Thursday, 26 June 2014

Alistair Rowan, Garden Buildings

alistair rowan garden buildings
Rowan,Alistair. Garden buildings.
Watford: Country Life Books, 1968.
This small book came with the magazine Country Life and contains many drawings that originate from the precious collection of the Royal Institute of British Architects, today mostly digitalized on the website www.ribapix.com.
Being inspired by this extraordinary collection, the author sketches a particular history of the taste in gardening following the architectural elements inlaid in the landscape.
Throughout history people have enriched gardens with the inclusion of small or big buildings, but this custom became even more popular as the gardens themselves grew in size. The author says, and there's no reason to deny it, that garden architecture gave designers the chance to experiment with innovative new styles, so they became innovative, often serving as the first examples of architectural revolutions that would soon take place.
The reason could simply be that those buildings were mostly inexpensive and therefore easily amenable and malleable, but also easily removed.
Landscape gardens, like the paintings from which they draw their inspiration,
are constellated from small buildings. These structures were always different from one another and rarely served a functional purpose. 
Pavilions, ruins, and temples are often used to create a journey (both physical and spiritual) for the visitor: they create viewpoints, offer shelter or meditation places, and bring to mind exotic places sometimes related to the owner's life.
As history evolved, so did architectural tastes. People shifted their perspective on the purpose of buildings and decided that they too should serve a purpose beyond that of being aesthetically pleasing, claiming further that usefulness was a requirement for beauty.   

Many of these fabriques were destroyed, and the only remaining elements that were ushered into the nineteenth century were: bridges, small cottages for gardeners, and, naturally, conservatories. 

Wednesday, 25 June 2014

Let Nature Never Be Forgot

[...]
To build, to plant, whatever you intend,
To rear the column, or the arch to bend,
To swell the terrace, or to sink the grot;
In all, let Nature never be forgot.
But treat the goddess like a modest fair,
Nor overdress, nor leave her wholly bare;
Let not each beauty ev'rywhere be spied,
Where half the skill is decently to hide.
He gains all points, who pleasingly confounds,
Surprises, varies, and conceals the bounds.
[...]

Alexander Pope, Epistle IV  To Richard Boyle, Earl of Burlington, 1731.

Here above there is one of the most important statements about landscape gardens.

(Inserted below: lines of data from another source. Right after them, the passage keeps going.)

(* Let $\mathcal{H}$ be a real Hilbert space, let $A\colon \mathcal{H}\rightrightarrows\mathcal{H}$ be maximally monotone, let $B\colon \mathcal{H}\to\mathcal{H}$ be monotone and $L$-Lipschitz, and suppose that $(A+B)^{-1}(0)\neq\varnothing$. Choose $\lambda\in \left(0,\frac{1}{2L}\right)$. Given $x_0,x_{-1}\in\mathcal{H}$, define the sequence $(x_k)$ by $$x_{k+1} = J_{\lambda A}\bigl(x_k - 2\lambda B(x_k) +\lambda B(x_{k-1})\bigr) \quad\forall k\in\mathbb{N}.$$ Then $(x_k)$ converges weakly to a point contained in $(A+B)^{-1}(0)$.
   Context: $J_{\lambda A}:=(I+\lambda A)^{-1}$ denotes the resolvent. *)

From HB Require Import structures.
From mathcomp Require Import all_boot all_order all_algebra.
From mathcomp Require Import all_classical all_reals all_analysis.
Set Implicit Arguments. Unset Strict Implicit. Unset Printing Implicit Defensive.
Import Order.TTheory GRing.Theory Num.Theory.
Import numFieldNormedType.Exports.
Local Open Scope classical_set_scope.
Local Open Scope ring_scope.

Definition is_inner_product (R : realType) (H : normedModType R)
  (ip : H -> H -> R) : Prop :=
  [/\ forall x y, ip x y = ip y x,
      forall (a : R) x y z, ip (a *: x + y) z = a * ip x z + ip y z
    & forall x, ip x x = `|x| ^+ 2].

(* Set-valued operators H ⇉ H are maps H -> set H. *)
Definition monotone_op (R : realType) (H : normedModType R)
  (ip : H -> H -> R) (A : H -> set H) : Prop :=
  forall x y u v, A x u -> A y v -> 0 <= ip (x - y) (u - v).

Definition maximally_monotone (R : realType) (H : normedModType R)
  (ip : H -> H -> R) (A : H -> set H) : Prop :=
  monotone_op ip A /\
  forall A' : H -> set H, monotone_op ip A' ->
    (forall x, A x `<=` A' x) -> forall x, A' x = A x.
(* Let $C>0$. Consider four sites $s\in\{1,2,3,4\}$ with scalar covariates $X_s=s$. The experimental sites are $\mathcal{S}_E=\{1,4\}$, the policy sites are $\mathcal{S}_P=\{2,3\}$, and at most $k=1$ site may be sampled, so the feasible sampling sets are $\mathcal{A}(1)=\{\emptyset,\{1\},\{4\}\}$. Let $\Theta$ be the set of vectors $(\tau_1,\tau_2,\tau_3,\tau_4)\in\mathbb{R}^4$ with $|\tau_s-\tau_t|\le C|s-t|$ for all $s,t$; equivalently, $\tau_s=\tau(s)$ for some $C$-Lipschitz $\tau:\mathbb{R}\to\mathbb{R}$. Signals are noiseless: if $\mathscr{S}$ is sampled, the policy maker observes exactly $(\tau_s)_{s\in\mathscr{S}}$. A treatment rule for $\mathscr{S}$ is a measurable map $T^{\mathscr{S}}$ from the observations to actions $(a_2,a_3)\in[0,1]^2$. The regret of actions $(a_2,a_3)$ is $\frac12\sum_{s\in\{2,3\}}\tau_s(\mathbf{1}\{\tau_s\ge0\}-a_s)$. A randomized design consists of a probability distribution $p$ on $\mathcal{A}(1)$ together with a treatment rule $T^{\mathscr{S}}$ for each $\mathscr{S}\in\mathcal{A}(1)$. Its worst-case regret is the supremum over $\tau\in\Theta$ of the $p$-expected regret; here the parameter $\tau$ is fixed before the sampled set is drawn. A purposive design is a randomized design in which $p$ is a point mass. Then: (1) the infimum of worst-case regret over all randomized designs equals $C/2$, and it is attained; (2) the infimum of worst-case regret over all purposive designs equals $3C/4$, and it is attained.
   Context: This is a stylized example comparing randomized and purposive (nonrandom) selection of experimental sites under minimax regret. The adversarial parameter is chosen before the randomization over sampling sets is realized, and it is the same for all realizations of the sampled set. *)

From HB Require Import structures.
From mathcomp Require Import all_boot all_order all_algebra.
From mathcomp Require Import all_classical all_reals all_analysis.
Set Implicit Arguments. Unset Strict Implicit. Unset Printing Implicit Defensive.
Import Order.TTheory GRing.Theory Num.Theory.
Local Open Scope classical_set_scope.
Local Open Scope ring_scope.

Section Defs.
Variable R : realType.

(* Sites s = 1,2,3,4 are represented by i : 'I_4 with s = i+1. *)
Definition site1 : 'I_4 := @Ordinal 4 0 isT.
Definition site2 : 'I_4 := @Ordinal 4 1 isT.
Definition site3 : 'I_4 := @Ordinal 4 2 isT.
Definition site4 : 'I_4 := @Ordinal 4 3 isT.

Definition covX (i : 'I_4) : R := (i.+1)%:R.

Definition Theta (C : R) : set ('I_4 -> R) :=
  [set tau | forall i j : 'I_4, `|tau i - tau j| <= C * `|covX i - covX j| ].

Definition regret (tau : 'I_4 -> R) (a : R * R) : R :=
  2^-1 * (tau site2 * (((0 <= tau site2)%R)%:R - a.1)
        + tau site3 * (((0 <= tau site3)%R)%:R - a.2)).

In few words Pope describes how a modern (for his times) garden should be designed, with great respect for nature and proportionality using man made elements. 
Both the poet and the Earl of Burlington were two of the leading actors in garden design in the 18th Century, the former with his writings and his small and meaningful garden in Twickenham, the latter, friend and mentor of William Kent, with his contributions in the propagation of Italian landscape as a model for the English garden. 

With these words I wish to begin my small contribution to the study of landscape garden.

There will be plenty of chances to write something more about Alexander Pope and Richard Boyle in the next posts.